Protokoll der Sitzung vom 10.07.2013

Ich möchte mal erinnern an die kleine unfeine Anekdote, dass sich Behörden anderer Bundesländer in Thüringen nach der Route der Lkw erkundigt haben, mit denen ungeschwärzte Akten unseres Landesamtes für Verfassungsschutz im letzten Sommer zum Bundestagsuntersuchungsausschuss gefahren wurden. Das sollte uns Mahnung sein und bleiben.
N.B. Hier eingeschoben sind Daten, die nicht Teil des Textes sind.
(* Let $H\subset Y$ be closed and $k\ge1$. Then $\mathcal R_n^f(H,Z,k)$ is open in $C(X,M)$ (with the source limitation topology) in each of the following cases: (i) $Z\subset M$ is closed and $X,Y$ are metric spaces; (ii) $Z=M$ and $X,Y$ are paracompact.
   Context: Let $(M,\rho)$ be a complete metric space, $Z\subset M$ closed, $n\ge0$, and $f\colon X\to Y$ a perfect surjection between paracompact spaces with $\dim f\le n$. For $H\subset Y$ and $k\ge1$, $\mathcal R_n^f(H,Z,k)$ is the set of $g\in C(X,M)$ such that for each $y\in H$ the set $g(f^{-1}(y))\cap Z$ can be covered by a family of open subsets of $M$ of mesh $\le1/k$ and order $\le n$ (every point of $M$ lies in at most $n+1$ members). The source limitation topology on $C(X,M)$ has as neighborhood base at $f$ the sets $\{g:\rho(g(x),f(x))<\varepsilon(x)\ \forall x\in X\}$, $\varepsilon\colon X\to(0,1]$ continuous. *)

From Stdlib Require Import Reals List.
Open Scope R_scope.

Record TopSpace := {
  carrier :> Type;
  is_open : (carrier -> Prop) -> Prop;
  open_full : is_open (fun _ => True);
  open_inter : forall U V, is_open U -> is_open V -> is_open (fun x => U x /\ V x);
  open_union : forall F : (carrier -> Prop) -> Prop,
      (forall U, F U -> is_open U) -> is_open (fun x => exists U, F U /\ U x)
}.

Definition is_closed (X : TopSpace) (A : X -> Prop) : Prop :=
  is_open X (fun x => ~ A x).

Definition finite_type (I : Type) : Prop := exists l : list I, forall i, In i l.

(* "order <= n" on A : no point of A lies in n+2 distinct members of the family *)
Definition order_le {T I : Type} (U : I -> T -> Prop) (A : T -> Prop) (n : nat) : Prop :=
  forall js : list I, NoDup js -> length js = S (S n) ->
    forall x, A x -> exists j, In j js /\ ~ U j x.

Definition compact_subset (X : TopSpace) (A : X -> Prop) : Prop :=
  forall (I : Type) (U : I -> X -> Prop), (forall i, is_open X (U i)) ->
    (forall x, A x -> exists i, U i x) ->
    exists l : list I, forall x, A x -> exists i, In i l /\ U i x.

(* covering dimension of the subspace A of X is <= n (Cech-Lebesgue):
   every finite cover of A by (traces of) open sets has a finite open
   refinement (on A) of order <= n *)
Definition covdim_le (X : TopSpace) (A : X -> Prop) (n : nat) : Prop :=
  forall (I : Type) (U : I -> X -> Prop), finite_type I ->
    (forall i, is_open X (U i)) -> (forall x, A x -> exists i, U i x) ->
    exists (J : Type) (V : J -> X -> Prop),
      finite_type J /\ (forall j, is_open X (V j)) /\
      (forall x, A x -> exists j, V j x) /\
      (forall j, exists i, forall x, A x -> V j x -> U i x) /\
      order_le V A n.

Definition hausdorff (X : TopSpace) : Prop :=
  forall x y : X, x <> y -> exists U V, is_open X U /\ is_open X V /\ U x /\ V y /\
    forall z, ~ (U z /\ V z).

Definition paracompact (X : TopSpace) : Prop :=
  hausdorff X /\
  forall (I : Type) (U : I -> X -> Prop), (forall i, is_open X (U i)) ->
    (forall x, exists i, U i x) ->
    exists (J : Type) (V : J -> X -> Prop),
      (forall j, is_open X (V j)) /\ (forall x, exists j, V j x) /\
      (forall j, exists i, forall x, V j x -> U i x) /\
      (forall x, exists W, is_open X W /\ W x /\
         exists l : list J, forall j, (exists z, W z /\ V j z) -> In j l).

Definition continuous (X Y : TopSpace) (f : X -> Y) : Prop :=
  forall V, is_open Y V -> is_open X (fun x => V (f x)).

Definition closed_map (X Y : TopSpace) (f : X -> Y) : Prop :=
  forall A, is_closed X A -> is_closed Y (fun y => exists x, A x /\ f x = y).

Definition perfect_map (X Y : TopSpace) (f : X -> Y) : Prop :=
  continuous X Y f /\ closed_map X Y f /\
  forall y, compact_subset X (fun x => f x = y).

Definition dim_map_le (X Y : TopSpace) (f : X -> Y) (n : nat) : Prop :=
  forall y, covdim_le X (fun x => f x = y) n.

Definition is_metric {T : Type} (d : T -> T -> R) : Prop :=
  (forall x y, 0 <= d x y) /\ (forall x y, d x y = 0 <-> x = y) /\
  (forall x y, d x y = d y x) /\ (forall x y z, d x z <= d x y + d y z).

Definition metric_open {T : Type} (d : T -> T -> R) (U : T -> Prop) : Prop :=
  forall x, U x -> exists r, 0 < r /\ forall y, d x y < r -> U y.

Definition metrizable (X : TopSpace) : Prop :=
  exists d : X -> X -> R, is_metric d /\ forall U, is_open X U <-> metric_open d U.

Record MetricSpace := {
  mcarrier :> Type;
  dist : mcarrier -> mcarrier -> R;
  dist_metric : is_metric dist
}.

Definition complete (M : MetricSpace) : Prop :=
  forall u : nat -> M,
    (forall eps, 0 < eps -> exists N, forall p q, (p >= N)%nat -> (q >= N)%nat ->
        dist M (u p) (u q) < eps) ->
    exists l, forall eps, 0 < eps -> exists N, forall p, (p >= N)%nat -> dist M (u p) l < eps.

Definition mopen (M : MetricSpace) (U : M -> Prop) : Prop := metric_open (dist M) U.
Definition mclosed (M : MetricSpace) (A : M -> Prop) : Prop := mopen M (fun p => ~ A p).

Definition mcontinuous (X : TopSpace) (M : MetricSpace) (g : X -> M) : Prop :=
  forall U, mopen M U -> is_open X (fun x => U (g x)).

Definition rcontinuous (X : TopSpace) (e : X -> R) : Prop :=
  forall U, metric_open (fun a b => Rabs (a - b)) U -> is_open X (fun x => U (e x)).

Definition Rnf (X Y : TopSpace) (M : MetricSpace) (f : X -> Y) (n : nat)
    (H : Y -> Prop) (Z : M -> Prop) (k : nat) (g : X -> M) : Prop :=
  mcontinuous X M g /\
  forall y, H y ->
    exists (I : Type) (V : I -> M -> Prop),
      (forall i, mopen M (V i)) /\
      (forall x, f x = y -> Z (g x) -> exists i, V i (g x)) /\
      (forall i a b, V i a -> V i b -> dist M a b <= 1 / INR k) /\
      order_le V (fun _ => True) n.

Definition sl_open (X : TopSpace) (M : MetricSpace) (S : (X -> M) -> Prop) : Prop :=
  forall g, S g -> mcontinuous X M g ->
    exists eps : X -> R, rcontinuous X eps /\ (forall x, 0 < eps x <= 1) /\
      forall h, mcontinuous X M h -> (forall x, dist M (h x) (g x) < eps x) -> S h.

(* Fix [g] in [Rnf] and [y] in [H].  The finite-order cover of [Z] that the definition provides
   over the fibre [f^-1 y] is open and the fibre is compact, so the cover still contains every point
   of [Z] within some uniform distance [d] of [g] on the fibre, and since [f] is closed the same [d]
   works on all fibres over a neighbourhood of [y].  Points outside the closed set [H] impose no
   condition.  Paracompactness of [Y] (shrinkings and Urysohn functions) turns these local margins
   into a continuous [eps : Y -> (0, 1]], and every [h] that is [eps o f]-close to [g] lies in
   [Rnf]. *)

From Pilot Require Import Defs.
From Stdlib Require Import Reals ZArith List Lra Lia Classical FunctionalExtensionality PropExtensionality ClassicalEpsilon.
Open Scope R_scope.

Lemma choice_fun {A B : Type} (P : A -> B -> Prop) :
  (forall a, exists b, P a b) -> exists f : A -> B, forall a, P a (f a).
Proof.
  intro H. exists (fun a => proj1_sig (constructive_indefinite_description _ (H a))).
  intro a. exact (proj2_sig (constructive_indefinite_description _ (H a))).
Qed.

Section OpenSets.
Variable Y : TopSpace.

Lemma open_ext (P Q : Y -> Prop) : (forall x, P x <-> Q x) -> is_open Y P -> is_open Y Q.
Proof.
  intros HPQ HP. replace Q with P; [exact HP|].
  apply functional_extensionality; intro x. apply propositional_extensionality, HPQ.
Qed.

Lemma open_Union (K : Type) (S : K -> Y -> Prop) :
  (forall k, is_open Y (S k)) -> is_open Y (fun z => exists k, S k z).
Proof.
  intro HS.
  apply (open_ext (fun x => exists U, (exists k, U = S k) /\ U x)).
  - intro x; split.
    + intros [U [[k ->] Hx]]. exists k; exact Hx.
    + intros [k Hk]. exists (S k). split; [exists k; reflexivity | exact Hk].
  - apply open_union. intros U [k ->]. apply HS.
Qed.

Lemma open_empty : is_open Y (fun _ => False).
Proof.
  apply (open_ext (fun z => exists k : False, True)); [intro; split; intros []; auto|].
  apply open_Union. intros [].
Qed.

Lemma open_local (P : Y -> Prop) :
  (forall y, P y -> exists N, is_open Y N /\ N y /\ forall z, N z -> P z) -> is_open Y P.
Proof.
  intro HP.
  apply (open_ext (fun x => exists U, (is_open Y U /\ forall z, U z -> P z) /\ U x)).
  - intro x; split.
    + intros [U [[_ HU] Hx]]. exact (HU x Hx).
    + intro Hx. destruct (HP x Hx) as [N [HN [Nx HNP]]]. exists N. auto.
  - apply open_union. intros U [HU _]. exact HU.
Qed.

Lemma open_if (P : Prop) (S : Y -> Prop) : is_open Y S -> is_open Y (fun z => P /\ S z).
Proof.
  intro HS. destruct (classic P) as [HP | HP].
  - apply (open_ext S); [intro x; tauto | exact HS].
  - apply (open_ext (fun _ => False)); [intro x; tauto | apply open_empty].
Qed.

Lemma open_Inter_list (K : Type) (l : list K) (S : K -> Y -> Prop) :
  (forall k, In k l -> is_open Y (S k)) -> is_open Y (fun z => forall k, In k l -> S k z).
Proof.
  induction l as [|a l IH]; intro HS.
  - apply (open_ext (fun _ => True)); [intro x; simpl; tauto | apply open_full].
  - apply (open_ext (fun z => S a z /\ (forall k, In k l -> S k z))).
    + intro x; simpl; split.
      * intros [Ha Hl] k [<- | Hk]; auto.
      * intro Hx. auto.
    + apply open_inter; [apply HS; left; reflexivity|].
      apply IH; intros k Hk; apply HS; right; exact Hk.
Qed.

Lemma closed_full : is_closed Y (fun _ => True).
Proof. apply (open_ext (fun _ => False)); [intro; tauto | apply open_empty]. Qed.

Lemma closed_compl (E : Y -> Prop) : is_open Y E -> is_closed Y (fun z => ~ E z).
Proof. intro HE. apply (open_ext E); [intro x; tauto | exact HE]. Qed.

Lemma closed_if (P : Prop) (S : Y -> Prop) : is_closed Y S -> is_closed Y (fun z => P /\ S z).
Proof.
  intro HS. destruct (classic P) as [HP | HP].
  - apply (open_ext (fun z => ~ S z)); [intro x; tauto | exact HS].
  - apply (open_ext (fun _ => True)); [intro x; tauto | apply open_full].
Qed.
(Beifall BÜNDNIS 90/DIE GRÜNEN)

Das Prinzip „Prism“ ist aber leider nicht nur eine USA-Idee. Bundesinnenminister Hans-Peter Friedrich plant laut Medienberichten von Mitte Juni, dem Bundesnachrichtendienst mit einem 100-MillionenProgramm die Überwachung aller Internetkontakte mit Auslandsbezug zu ermöglichen, also sozusagen ein Prism im Kleinen. Die geplante Komplettüberwachung aller Internetkontakte mit Auslandsbezug durch den Bundesnachrichtendienst wäre ein rechtswidriger, weil auch wieder völlig unverhältnismäßiger Eingriff in die Privatsphäre von Bürgerinnen und Bürgern auch in Thüringen, denn auch hier hätten wir wieder eine Überwachung jeglicher Kommunikation ohne jeden Anfangsverdacht möglicher Straftatenbegehung oder -verabredung, die unser Grundgesetz verbietet. Befremdlich genug ist, wenn durch das Vorhaben von Friedrich die Kommunikation mit Auslandsbezug offenkundig von vornherein als besonders kriminalitätsanfällig eingestuft wird, aber ein Auslandsbezug entsteht schon durch die Nutzung im Ausland befindlicher Server, wie das etwa bei vielen sozialen Netzwerken, aber auch bei bestimmten Smartphone-Apps regelmäßig der Fall ist. Somit erhielte der Bundesnachrichtendienst bei der Verwirklichung von Friedrichs Plänen ein rechtswidriges Upgrade zu einem neuen Inlandsgeheimdienst. Was aber unterscheidet unsere Demokratie, wenn wir unbegrenzte Ausforschung aller Bürgerinnen oder auch von Behörden achselzuckend hinnehmen, dann noch von Schnüffel- und Schurkenstaaten?

(Beifall DIE LINKE)

Deswegen ist die wichtige Frage heute, was müssen, was können wir tun? Auch ich bedanke mich ausdrücklich beim Datenschutzbeauftragten für seine praktischen Tipps, wie Bürgerinnen und Bürger

durch Pseudonymisierung, durch Nutzung von Schutzsoftware auch Ihre Daten im Netz besser schützen können. Aber das ist nur ein Teil der Arbeit, denn es geht nicht nur darum, einen Rettungsschirm für die Daten der Bürger einzuziehen. Offenbar braucht es auch für Geheimdienstarbeit international geltende Standards, Beschränkungen und vor allem deutlich verbesserte parlamentarische und gerichtliche Kontrollbefugnisse. Das lässt sich nicht von heute auf morgen klären, muss aber dringend angepackt werden, ansonsten verfestigen sich Parallelwelten aller Geheimdienste, die schon jetzt ihre Art Kalten Krieg gegen Bürgerinnen und Bürger führen.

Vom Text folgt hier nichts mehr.